透過窗戶,謝嘉懿看著院子裡二人的身影,難受的搖頭,輕聲道:「我看不出任何的問題。」
段瑾瑜:「我也是。」
如果可以,他們不希望這裡有任何的問題,但那封匿名信的存在,就仿佛暗處一條不可見的撕裂傷痕,無時無刻不在提醒著他們,這或許只是眼前的假象,這個貌似溫馨的福利院,並不如外人看到的那樣平靜。
叮——
李玉蘭換好了外出的衣服,緩緩從電梯中走出。
「阿姨,您要外出嗎?」謝嘉懿問道,「我們開車來的,如果需要的話就送您過去。」
李玉蘭慈祥的擺擺手,「不用了,謝謝你們,我就是去附近找個人,幾分鐘的路,去年體檢的時候大夫讓我多走走,我啊謹遵醫囑,飯後百步走能活九十九。」
謝嘉懿沒再堅持,「那您小心一點,外面路面可能有冰。」
李玉蘭:「嗯,好,你們晚上有沒有事啊,沒事就留下來吃晚飯,像你們這些小年輕啊天天點外賣,那些能有自家做的乾淨嗎。要我說啊,以後不想做飯就到這兒來,阿姨管你們的飯。」
這種你來我往互相客套的場面,段瑾瑜明顯不太適應,好在謝嘉懿三言兩語搞定了李玉蘭。
看著她走到院子裡叮囑了小陳什麼,段瑾瑜長舒口氣,「聽著就好累。」
謝嘉懿:「唉,誰不是呢,但我比你會裝一點。」
雖然現在已經告別了那些討厭的親戚、他和姑姑都要開始擁抱新生活,但當年留下的技能不是一時半會兒忘得了的,現在用起來正合適。
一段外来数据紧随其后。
(* Let $k$ be a field containing all $m$-th roots of unity, with $p\nmid m$ if $\operatorname{char}(k)=p>0$. Let $\mathcal A$ be a perfect $k$-algebra, $S$ a commutative associative unital $k$-algebra, $\sigma_1\in\operatorname{Aut}(\mathcal A)$, $\sigma_2\in\operatorname{Aut}(S)$ with $\sigma_1^m=\mathrm{id}$, $\sigma_2^m=\mathrm{id}$; assume $S_{\bar 1}$ contains an invertible element $u$ of $S$, and that $\psi:C(\mathcal A)\otimes S\to C(\mathcal A\otimes S)$, $\gamma\otimes s\mapsto\gamma\otimes L_s$, is an isomorphism. Then the restriction map $\pi:\mathcal D(\mathcal A\otimes S)_{\bar 0}\to\mathcal D((\mathcal A\otimes S)_{\bar 0})$, $D\mapsto D|_{(\mathcal A\otimes S)_{\bar 0}}$, is surjective.
   Context: Algebras are $k$-vector spaces with bilinear product (not necessarily associative); perfect means $\mathcal A\mathcal A=\mathcal A$; $C(\mathcal A)$ is the centroid $\{\gamma\in\operatorname{End}(\mathcal A)\mid\gamma(xy)=\gamma(x)y=x\gamma(y)\}$; $\mathcal D$ denotes derivations; $L_s$ is left multiplication. Fix a primitive $m$-th root of unity $\omega$; $\mathcal A_{\bar i}=\{a\mid\sigma_1(a)=\omega^ia\}$, $S_{\bar i}=\{s\mid\sigma_2(s)=\omega^is\}$, $(\mathcal A\otimes S)_{\bar i}=\sum_{\bar j}\mathcal A_{\bar i-\bar j}\otimes S_{\bar j}$; $(\mathcal A\otimes S)_{\bar 0}$ is the fixed-point subalgebra of $\sigma_1\otimes\sigma_2$; $\mathcal D(\mathcal A\otimes S)_{\bar 0}$ is the set of derivations of $\mathcal A\otimes S$ mapping each $(\mathcal A\otimes S)_{\bar j}$ into itself. *)

From HB Require Import structures.
From mathcomp Require Import all_boot all_order all_algebra.
Set Implicit Arguments. Unset Strict Implicit. Unset Printing Implicit Defensive.
Import GRing.Theory.
Local Open Scope ring_scope.

Section Defs.
Variable k : fieldType.

Definition klinear (U V : lmodType k) (f : U -> V) : Prop :=
  forall (a : k) (x y : U), f (a *: x + y) = a *: f x + f y.

Definition kbilinear (U V W : lmodType k) (f : U -> V -> W) : Prop :=
  (forall v : V, klinear (fun u => f u v)) /\ (forall u : U, klinear (f u)).

Definition is_tensor_product (U V T : lmodType k) (t : U -> V -> T) : Prop :=
  kbilinear t /\
  forall (W : lmodType k) (f : U -> V -> W), kbilinear f ->
    (exists g : T -> W, klinear g /\ forall u v, g (t u v) = f u v) /\
    (forall g1 g2 : T -> W, klinear g1 -> klinear g2 ->
       (forall u v, g1 (t u v) = f u v) -> (forall u v, g2 (t u v) = f u v) ->
       g1 =1 g2).

Definition in_span (T : lmodType k) (P : T -> Prop) (x : T) : Prop :=
  exists n (c : 'I_n -> k) (v : 'I_n -> T),
    (forall i, P (v i)) /\ x = \sum_(i < n) c i *: v i.
(* Let $(\overline{\mathbf{v}}^n,\overline{\boldsymbol{\rho}}^n)_{n\in\mathbb{N}}$ be a supersolution and $(\underline{\mathbf{v}}^n,\underline{\boldsymbol{\rho}}^n)_{n\in\mathbb{N}}$ a subsolution of the iterative scheme described in the context. Assume that $\underline{v}^0_j(t,x)\le\overline{v}^0_j(t,x)$ and $\underline{\rho}^0_j(t)\le\overline{\rho}^0_j(t)$ for all $t\ge0$, $x\in[0,1]$, $j\in\mathbb{Z}$, and that for all $n\ge1$, $\underline{v}^n_j(0,x)\le\overline{v}^n_j(0,x)$ and $\underline{\rho}^n_j(0)\le\overline{\rho}^n_j(0)$ for $x\in[0,1]$, $j\in\mathbb{Z}$. Then for all $t>0$, $n\ge1$, $j\in\mathbb{Z}$: $\underline{v}^n_j(t,x)\le\overline{v}^n_j(t,x)$ for $x\in[0,1]$ and $\underline{\rho}^n_j(t)\le\overline{\rho}^n_j(t)$.
   Context: Fix $\alpha,\beta,d>0$ and $f\in\mathscr{C}^1([0,1])$ with $f(0)=f(1)=0$, $0<f(u)\le f'(0)u$ on $(0,1)$, extended to a locally Lipschitz function on $\mathbb{R}$ negative on $\mathbb{R}\setminus[0,1]$. Consider sequences indexed by $n\in\mathbb{N}$ of pairs $(\mathbf{v}^n,\boldsymbol{\rho}^n)=(v^n_j,\rho^n_j)_{j\in\mathbb{Z}}$, where for $n=0$ the $v^0_j$ are continuous functions on $[0,+\infty)\times[0,1]$ and $\rho^0_j$ continuous on $[0,+\infty)$, and for every $n\ge1$ and $j$: $\rho^n_j\in\mathscr{C}^1([0,+\infty))$, $v^n_j\in\mathscr{C}^0([0,+\infty)\times[0,1])$, $\partial_tv^n_j,\partial_x^2v^n_j\in\mathscr{C}^0((0,+\infty)\times(0,1))$, $\partial_xv^n_j\in\mathscr{C}^0((0,+\infty)\times[0,1])$. Such a sequence $(\overline{\mathbf{v}}^n,\overline{\boldsymbol{\rho}}^n)_n$ is a supersolution of the iterative scheme if for all $n\ge1$, $t>0$, $j\in\mathbb{Z}$: $\partial_t\overline{v}^n_j\ge d\,\partial_x^2\overline{v}^n_j$ on $(0,1)$; $(\overline{\rho}^n_j)'(t)\ge f(\overline{\rho}^n_j(t))+\alpha(\overline{v}^{n-1}_j(t,0)+\overline{v}^{n-1}_{j-1}(t,1))-2\beta\overline{\rho}^n_j(t)$; $-d\,\partial_x\overline{v}^n_j(t,0)+\alpha\overline{v}^n_j(t,0)\ge\beta\overline{\rho}^n_j(t)$; $d\,\partial_x\overline{v}^n_j(t,1)+\alpha\overline{v}^n_j(t,1)\ge\beta\overline{\rho}^n_{j+1}(t)$. A subsolution is defined with all these inequalities reversed. *)

From Stdlib Require Import Reals ZArith.
From Coquelicot Require Import Coquelicot.
Open Scope R_scope.
(* If $f, g : X \to \mathbb{R}$ are limsup functions, then $f+g$, $\min(f,g)$ and $\max(f,g)$ are limsup functions.
   Context: Let $A$ be a non-empty countable set and $T$ a pruned tree on $A$ (a set of finite sequences of elements of $A$, closed under initial segments, in which every sequence has a proper extension in $T$). Let $X$ be the set of infinite branches of $T$, with the topology generated by the cylinder sets $O(s) = \{x \in X : s \text{ is an initial segment of } x\}$, $s \in T$. A function $f : X \to \mathbb{R}$ is a limsup function if there exists $u : T \to \mathbb{R}$ with $f(x) = \limsup_{t\to\infty} u(x_0,\dots,x_t)$ for every $x \in X$. *)

From mathcomp Require Import all_boot all_order all_algebra.
From mathcomp Require Import all_classical all_reals all_analysis.
Set Implicit Arguments. Unset Strict Implicit. Unset Printing Implicit Defensive.
Import Order.TTheory GRing.Theory Num.Theory.
Local Open Scope classical_set_scope.
Local Open Scope ring_scope.

Definition is_tree (A : Type) (T : set (seq A)) : Prop :=
  forall s n, T s -> T (take n s).

Definition is_pruned (A : Type) (T : set (seq A)) : Prop :=
  forall s, T s -> exists t, T t /\ (size s < size t)%N /\ take (size s) t = s.

Definition is_branch (A : Type) (T : set (seq A)) (x : nat -> A) : Prop :=
  forall n, T (mkseq x n).

Definition branches (A : Type) (T : set (seq A)) := {x : nat -> A | is_branch T x}.

Definition limsup_function (R : realType) (A : Type) (T : set (seq A))
    (f : branches T -> R) : Prop :=
  exists u : seq A -> R, forall x : branches T,
    ((f x)%:E = limn_esup (fun t => (u (mkseq (proj1_sig x) t.+1))%:E))%E.

From mathcomp Require Import all_boot all_order all_algebra.
From mathcomp Require Import all_classical all_reals all_analysis.
From mathcomp Require Import lra zify.
Import Order.TTheory GRing.Theory Num.Theory.
Local Open Scope ring_scope.

(* Given limsup functions f = limsup u and g = limsup v along branches, we
   must produce ONE tree function w with limsup_t w(x|t+1) = op (f x) (g x),
   where w(x|t+1) may only look at the prefix x_0..x_t.  Along a branch put
   a t = u(x|t+1), b t = v(x|t+1) and consider the windowed values
       p t k = op (max_{k<=i<=t} a i) (max_{k<=i<=t} b i),
   which are nondecreasing in t, with sup_t p t k >= op F G and tending to
   op F G as k grows (F, G the limsups of a, b).  The core lemma
   [causal_limsup] turns any such doubly indexed array into a sequence
   [causal p t], computed from the rows t and t-1 only, whose limsup is
   exactly the common limit: each column k is rounded down to the grid
   1/(k+1) (an eventually constant integer sequence) and its value is
   emitted at the finitely many times where it jumps. *)

Section RealLimsup.
Context {R : realType}.

Lemma limn_esup_EFinP (v : nat -> R) (l : R) :
  limn_esup (fun t => (v t)%:E) = l%:E <->
  ((forall e : R, 0 < e -> exists N, forall m, (N <= m)%N -> v m <= l + e) /\
   (forall e : R, 0 < e -> forall N, exists2 m, (N <= m)%N & l - e <= v m)).
Proof.
rewrite limn_esup_lim (cvg_lim _ (@cvg_esups_inf R _)) //.
set S := esups (fun t => (v t)%:E).
split.
- move=> Sl; split.
  + move=> e e0.
    have : (ereal_inf (range S) < (l + e)%:E)%E by rewrite Sl lte_fin ltrDl.
    move=> /ereal_inf_lt [_ [N _ <-]] SN; exists N => m Nm.
    rewrite -lee_fin; apply: le_trans (ltW SN).
    by apply: ereal_sup_ubound; exists m.
  + move=> e e0 N.
    have : (ereal_inf (range S) <= S N)%E by apply: ereal_inf_lbound; exists N.
    rewrite Sl => lSN.
    have : ((l - e)%:E < S N)%E.
      by apply: lt_le_trans lSN; rewrite lte_fin ltrBlDr ltrDl.
    move=> /ereal_sup_gt [_ [m /= Nm <-]] vm; exists m => //.
    by rewrite -lee_fin ltW.
- move=> [ev_below freq_above]; apply/eqP; rewrite eq_le; apply/andP; split.
  + apply/lee_addgt0Pr => e e0.
    have [N HN] := ev_below e e0.
    apply: (@le_trans _ _ (S N)); first by apply: ereal_inf_lbound; exists N.
    apply: ge_ereal_sup => _ [m /= Nm <-].
    by rewrite -EFinD lee_fin HN.
  + apply: le_ereal_inf_tmp => _ [N _ <-].
    apply/lee_addgt0Pr => e e0.
    have [m Nm vm] := freq_above e e0 N.
    apply: (@le_trans _ _ (v m + e)%:E); first by rewrite lee_fin -lerBlDr.
    by rewrite EFinD leeD2r //; apply: ereal_sup_ubound; exists m.
Qed.

Lemma eventually_bounded_bounded (c : nat -> R) (F : R) :
  (exists N, forall m, (N <= m)%N -> c m <= F + 1) -> exists M, forall m, c m <= M.
Proof.
move=> [N HN].
exists (Num.max (\big[Num.max/F]_(i < N) c i) (F + 1)) => m.
case: (leqP N m) => [Nm|mN]; first by rewrite le_max HN ?orbT.
rewrite le_max; apply/orP; left.
by rewrite (bigmax_sup (Ordinal mN)).
Qed.

Lemma eventually_inv_succ_lt (e : R) :
  0 < e -> exists K, forall k, (K <= k)%N -> k.+1%:R^-1 < e.
Proof.
move=> e0; exists (Num.Def.archi_bound e^-1) => k Kk.
rewrite -[e]invrK ltf_pV2 ?posrE ?ltr0Sn ?invr_gt0 //.
apply: lt_le_trans (archi_boundP _) _; first by rewrite invr_ge0 ltW.
by rewrite ler_nat; lia.
Qed.

End RealLimsup.

(* A nondecreasing integer sequence that is bounded above is eventually
   constant: each change raises it by at least 1, which can happen only
   finitely often below the bound. *)
Lemma nondecreasing_int_stable (z : nat -> int) (B : int) :
  {homo z : m n / (m <= n)%N >-> m <= n} -> (forall t, z t <= B) ->
  exists T, forall t, (T <= t)%N -> z t = z T.
Proof.
move=> zmono zB.
suff gap_ind : forall (n : nat) k, B - z k <= n%:Z ->
    exists T, forall t, (T <= t)%N -> z t = z T.
  by apply: (gap_ind `|B - z 0|%N 0%N); have := zB 0%N; lia.
elim=> [|n IH] k gap.
  exists k => t kt; apply/eqP; rewrite eq_le (zmono _ _ kt) andbT.
  by have := zB t; have := zmono _ _ kt; lia.
case: (pselect (exists2 s, (k <= s)%N & z s != z k)) => [[s ks ne]|same].
  by apply: (IH s); have := zmono _ _ ks; move: ne gap => /eqP; lia.
exists k => t kt; apply/eqP/negPn/negP => ne.
by apply: same; exists t.
Qed.

Section RunningMax.
Context {R : realType}.

Fixpoint runmax (F : nat -> R) (n : nat) : R :=
  if n is n'.+1 then Num.max (runmax F n') (F n) else F 0%N.

Lemma runmax_ge (F : nat -> R) n i : (i <= n)%N -> F i <= runmax F n.
Proof.
elim: n => [|n IH] /=; first by rewrite leqn0 => /eqP ->.
rewrite leq_eqVlt => /orP [/eqP ->|]; first by rewrite le_max lexx orbT.
by rewrite ltnS => /IH h; rewrite le_max h.
Qed.

Lemma runmax_le (F : nat -> R) n y :
  (forall i, (i <= n)%N -> F i <= y) -> runmax F n <= y.
Proof.
elim: n => [|n IH] H /=; first exact: H.
by rewrite ge_max IH ?H // => i lin; apply: H; apply: leqW.
Qed.

Lemma runmax_ext (F G : nat -> R) n :
  (forall i, (i <= n)%N -> F i = G i) -> runmax F n = runmax G n.
Proof.
elim: n => [|n IH] H /=; first exact: H.
by rewrite IH ?H // => i lin; apply: H; apply: leqW.
Qed.

Lemma runmax_homo (F : nat -> R) : {homo runmax F : m n / (m <= n)%N >-> m <= n}.
Proof.
by apply: homo_leq => [x|y x z|n]; [exact: lexx|exact: le_trans|rewrite /= le_max lexx].
Qed.

End RunningMax.

Section CausalLimsup.
Context {R : realType}.

Variables (p : nat -> nat -> R) (h : R).
Hypothesis p_nondecr : forall k t, p t k <= p t.+1 k.
Hypothesis p_bounded : forall k, exists M, forall t, p t k <= M.
Hypothesis p_lower : forall k e, 0 < e -> exists t, h - e <= p t k.
Hypothesis p_upper : forall e, 0 < e ->
  exists K, forall k t, (K <= k)%N -> (k <= t)%N -> p t k <= h + e.

Definition grid (k t : nat) : int := Num.floor (k.+1%:R * p t k).
Definition gridval (k t : nat) : R := (grid k t)%:~R / k.+1%:R.

Definition emit (t k : nat) : R :=
  if (k == t) || (grid k t.-1 < grid k t) then gridval k t else gridval t t.
Definition causal (t : nat) : R := runmax (emit t) t.

Lemma gridval_le k t : gridval k t <= p t k.
Proof. by rewrite /gridval ler_pdivrMr ?ltr0Sn // mulrC floor_le. Qed.

Lemma gridval_gt k t : p t k - k.+1%:R^-1 < gridval k t.
Proof.
rewrite /gridval /grid ltr_pdivlMr ?ltr0Sn // mulrBl mulVf ?pnatr_eq0 //.
by have := floorD1_gt (k.+1%:R * p t k); rewrite intrD mulrC; lra.
Qed.

Lemma p_homo k : {homo p ^~ k : t s / (t <= s)%N >-> t <= s}.
Proof. by apply: homo_leq => [x|y x z|t]; [exact: lexx|exact: le_trans|exact: p_nondecr]. Qed.

Lemma grid_homo k : {homo grid k : t s / (t <= s)%N >-> t <= s}.
Proof. by move=> t s ts; apply/le_floor/ler_wpM2l/p_homo. Qed.

Lemma grid_stable k : exists T, forall t, (T <= t)%N -> grid k t = grid k T.
Proof.
have [M HM] := p_bounded k.
apply: (@nondecreasing_int_stable _ (Num.floor (k.+1%:R * M)) (grid_homo k)).
by move=> t; apply/le_floor/ler_wpM2l/HM.
Qed.

Lemma grid_last_jump k T : (k <= T)%N ->
  exists t', [/\ (k <= t')%N, grid k t' = grid k T & (t' == k) || (grid k t'.-1 < grid k t')].
Proof.
move=> kT.
have exT : exists t, (k <= t)%N && (grid k t == grid k T) by exists T; rewrite kT eqxx.
case: (ex_minnP exT) => t' /andP [kt' /eqP eqT] tmin.
exists t'; split => //; case: eqVneq => //= t'k.
have le1 := grid_homo k _ _ (leq_pred t').
rewrite lt_neqAle le1 andbT; apply/negP => /eqP eq1.
have := tmin t'.-1; rewrite eq1 eqT eqxx andbT; lia.
Qed.

(* Eventually all emitted values are below h + e: columns below the
   threshold K of [p_upper] have stopped jumping. *)
Lemma causal_upper e : 0 < e -> exists N, forall m, (N <= m)%N -> causal m <= h + e.
Proof.
move=> e0; have [K HK] := p_upper _ e0.
have [T HT] := choice grid_stable.
exists (maxn (\max_(k < K) T k).+1 K) => m Nm.
have diag_below : gridval m m <= h + e by apply: le_trans (gridval_le _ _) (HK _ _ _ _); lia.
apply: runmax_le => i im; rewrite /emit; case: ifP => // jump.
case: (leqP K i) => [Ki|iK]; first exact: le_trans (gridval_le _ _) (HK _ _ Ki im).
have TiN : (T i <= \max_(k < K) T k)%N.
  exact: (@leq_bigmax _ (fun k : 'I_K => T k) (Ordinal iK)).
by move: jump; rewrite (HT i m.-1) ?(HT i m); lia.
Qed.

(* Infinitely often some emitted value is above h - e: a column k with
   1/(k+1) < e/2 emits its final grid value, which is close to its sup. *)
Lemma causal_lower e : 0 < e -> forall N, exists2 m, (N <= m)%N & h - e <= causal m.
Proof.
move=> e0 N; have e20 : 0 < e / 2 by rewrite divr_gt0.
have [K HK] := eventually_inv_succ_lt _ e20.
pose k := maxn N K.
have [T HT] := grid_stable k.
have [t [kt jumpT jump]] := grid_last_jump _ _ (leq_maxr T k).
have [s hs] := p_lower k _ e20.
exists t; first lia.
apply: le_trans (runmax_ge (emit t) t k kt); rewrite /emit eq_sym jump.
have -> : gridval k t = gridval k (maxn s (maxn T k)).
  by rewrite /gridval jumpT (HT (maxn T k)) ?(HT (maxn s (maxn T k))) //; lia.
set M := maxn s (maxn T k).
have := gridval_gt k M; have := HK k (leq_maxr N K).
have := p_homo k _ _ (leq_maxl s (maxn T k)).
move: hs; set c := k.+1%:R^-1; lra.
Qed.

Lemma causal_limsup : limn_esup (fun t => (causal t)%:E) = h%:E.
Proof. by apply/limn_esup_EFinP; split; [exact: causal_upper|exact: causal_lower]. Qed.

End CausalLimsup.

Lemma causal_ext (R : realType) (p p' : nat -> nat -> R) t :
  (forall k, (k <= t)%N -> p t k = p' t k /\ p t.-1 k = p' t.-1 k) ->
  causal p t = causal p' t.
Proof.
move=> H; apply: runmax_ext => i it.
have [e1 e2] := H i it; have [e3 _] := H t (leqnn t).
by rewrite /emit /gridval /grid e1 e2 e3.
Qed.

Section WindowedOp.
Context {R : realType}.

Definition regular_op (op : R -> R -> R) : Prop :=
  [/\ forall x x' y y', x <= x' -> y <= y' -> op x y <= op x' y',
      forall x y e : R, 0 < e -> op (x + e / 2) (y + e / 2) <= op x y + e &
      forall x y e : R, 0 < e -> op x y - e <= op (x - e / 2) (y - e / 2)].

(* window a k t = max_{k <= i <= t} a i (just a k when t < k). *)
Definition window (a : nat -> R) (k t : nat) : R := runmax (fun i => a (k + i)%N) (t - k).

Lemma window_ge (a : nat -> R) k t i : (k <= i <= t)%N -> a i <= window a k t.
Proof.
move=> /andP [ki it]; have := runmax_ge (fun i => a (k + i)%N) (t - k) (i - k).
by rewrite subnKC //; apply; lia.
Qed.

Lemma window_le (a : nat -> R) k t y :
  (forall i, (k <= i)%N -> a i <= y) -> window a k t <= y.
Proof. by move=> H; apply: runmax_le => i _; apply: H; apply: leq_addr. Qed.

Lemma window_nondecr (a : nat -> R) k t : window a k t <= window a k t.+1.
Proof. by apply: runmax_homo; apply: leq_sub2r. Qed.

Lemma window_ext (a a' : nat -> R) k t :
  (forall m, (m <= maxn k t)%N -> a m = a' m) -> window a k t = window a' k t.
Proof. by move=> H; apply: runmax_ext => i it; apply: H; lia. Qed.

Definition window_op (op : R -> R -> R) (a b : nat -> R) (t k : nat) : R :=
  op (window a k t) (window b k t).

Lemma window_op_limsup (op : R -> R -> R) (a b : nat -> R) (F G : R) :
  regular_op op ->
  limn_esup (fun t => (a t)%:E) = F%:E -> limn_esup (fun t => (b t)%:E) = G%:E ->
  limn_esup (fun t => (causal (window_op op a b) t)%:E) = (op F G)%:E.
Proof.
move=> [opm opup oplo] /limn_esup_EFinP [Ha1 Ha2] /limn_esup_EFinP [Hb1 Hb2].
have [Ma HMa] := eventually_bounded_bounded _ _ (Ha1 _ ltr01).
have [Mb HMb] := eventually_bounded_bounded _ _ (Hb1 _ ltr01).
apply: causal_limsup => [k t|k|k e e0|e e0]; rewrite /window_op.
- by apply: opm; apply: window_nondecr.
- by exists (op Ma Mb) => t; apply: opm; apply: window_le.
- have e20 : 0 < e / 2 by rewrite divr_gt0.
  have [m1 km1 h1] := Ha2 _ e20 k; have [m2 km2 h2] := Hb2 _ e20 k.
  exists (maxn m1 m2); apply: le_trans (oplo _ _ _ e0) _.
  by apply: opm; [apply: le_trans h1 _|apply: le_trans h2 _]; apply: window_ge; lia.
- have e20 : 0 < e / 2 by rewrite divr_gt0.
  have [Na HNa] := Ha1 _ e20; have [Nb HNb] := Hb1 _ e20.
  exists (maxn Na Nb) => k t Kk kt; apply: le_trans (opup _ _ _ e0).
  by apply: opm; apply: window_le => i ki; [apply: HNa|apply: HNb]; lia.
Qed.

End WindowedOp.

Lemma take_mkseq (A : Type) (x : nat -> A) m t : (m <= t)%N ->
  take m (mkseq x t) = mkseq x m.
Proof. by move=> mt; rewrite /mkseq -map_take take_iota minnE; congr (map _ (iota _ _)); lia. Qed.

(* Limsup functions are closed under any regular operation: the tree
   function reading a node s of length t+1 runs the causal construction on
   the values of u and v at the prefixes of s. *)
Lemma limsup_function_op {R : realType} {A : Type} {T : set (seq A)}
    {op : R -> R -> R} {f g : branches T -> R} :
  regular_op op -> limsup_function f -> limsup_function g ->
  limsup_function (fun x => op (f x) (g x)).
Proof.
move=> opreg [u Hu] [v Hv].
pose along (w : seq A -> R) (s : seq A) (m : nat) := w (take m.+1 s).
exists (fun s => causal (window_op op (along u s) (along v s)) (size s).-1) => x.
pose a m := u (mkseq (proj1_sig x) m.+1); pose b m := v (mkseq (proj1_sig x) m.+1).
rewrite -(window_op_limsup op a b _ _ opreg (esym (Hu x)) (esym (Hv x))).
congr limn_esup; apply: funext => t; rewrite size_mkseq /=; congr EFin.
apply: causal_ext => k kt; rewrite /window_op.
by split; congr op; apply: window_ext => m mt; rewrite /along take_mkseq //; lia.
Qed.

Lemma add_regular (R : realType) : regular_op (fun x y : R => x + y).
Proof. by split=> *; lra. Qed.

Lemma min_regular (R : realType) : regular_op (fun x y : R => Num.min x y).
Proof.
split=> [x x' y y' *|x y e *|x y e *];
  [case: (leP x y); case: (leP x' y')
  |case: (leP x y); case: (leP (x + e / 2) (y + e / 2))
  |case: (leP x y); case: (leP (x - e / 2) (y - e / 2))] => *; lra.
Qed.

Lemma max_regular (R : realType) : regular_op (fun x y : R => Num.max x y).
Proof.
split=> [x x' y y' *|x y e *|x y e *];
  [case: (leP x y); case: (leP x' y')
  |case: (leP x y); case: (leP (x + e / 2) (y + e / 2))
  |case: (leP x y); case: (leP (x - e / 2) (y - e / 2))] => *; lra.
Qed.

Theorem mainTheorem2 (R : realType) (A : countType) (a0 : A)
    (T : set (seq A)) (hT : is_tree T) (hP : is_pruned T)
    (f g : branches T -> R) :
  limsup_function f -> limsup_function g ->
  [/\ limsup_function (fun x => f x + g x),
      limsup_function (fun x => Num.min (f x) (g x)) &
      limsup_function (fun x => Num.max (f x) (g x))].
Proof.
move=> Hf Hg; split.
- exact: (limsup_function_op (add_regular R) Hf Hg).
- exact: (limsup_function_op (min_regular R) Hf Hg).
- exact: (limsup_function_op (max_regular R) Hf Hg).
Qed.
乖寶已經窩在包包里抱著胡蘿蔔睡著了,小肚皮起起伏伏,像個軟乎乎的毛絨球。謝嘉懿和段瑾瑜見找不到新的線索,準備去和小陳說一聲之後返回事務所。
春寒料峭的時節,午後的陽光顯得格外溫暖。
時間差不多了,小陳還要給孩子們準備晚上的食材,便推著輪椅往回走,正好迎面遇見即將離開的二人,「不再多待一會兒嗎?」
謝嘉懿搖頭,「改天再來拜訪,今天回去還有事呢。」
見狀,小陳也不再挽留。
謝嘉懿走到孫佳冉面前,彎著膝蓋半蹲下身體,對她露出友善的微笑,「大哥哥要走咯,有時間再來看你。」
他也不知道孫佳冉能不能聽懂,但說完這句話後,孫佳冉又像剛見面時努力的笑著,看的謝嘉懿一陣心酸。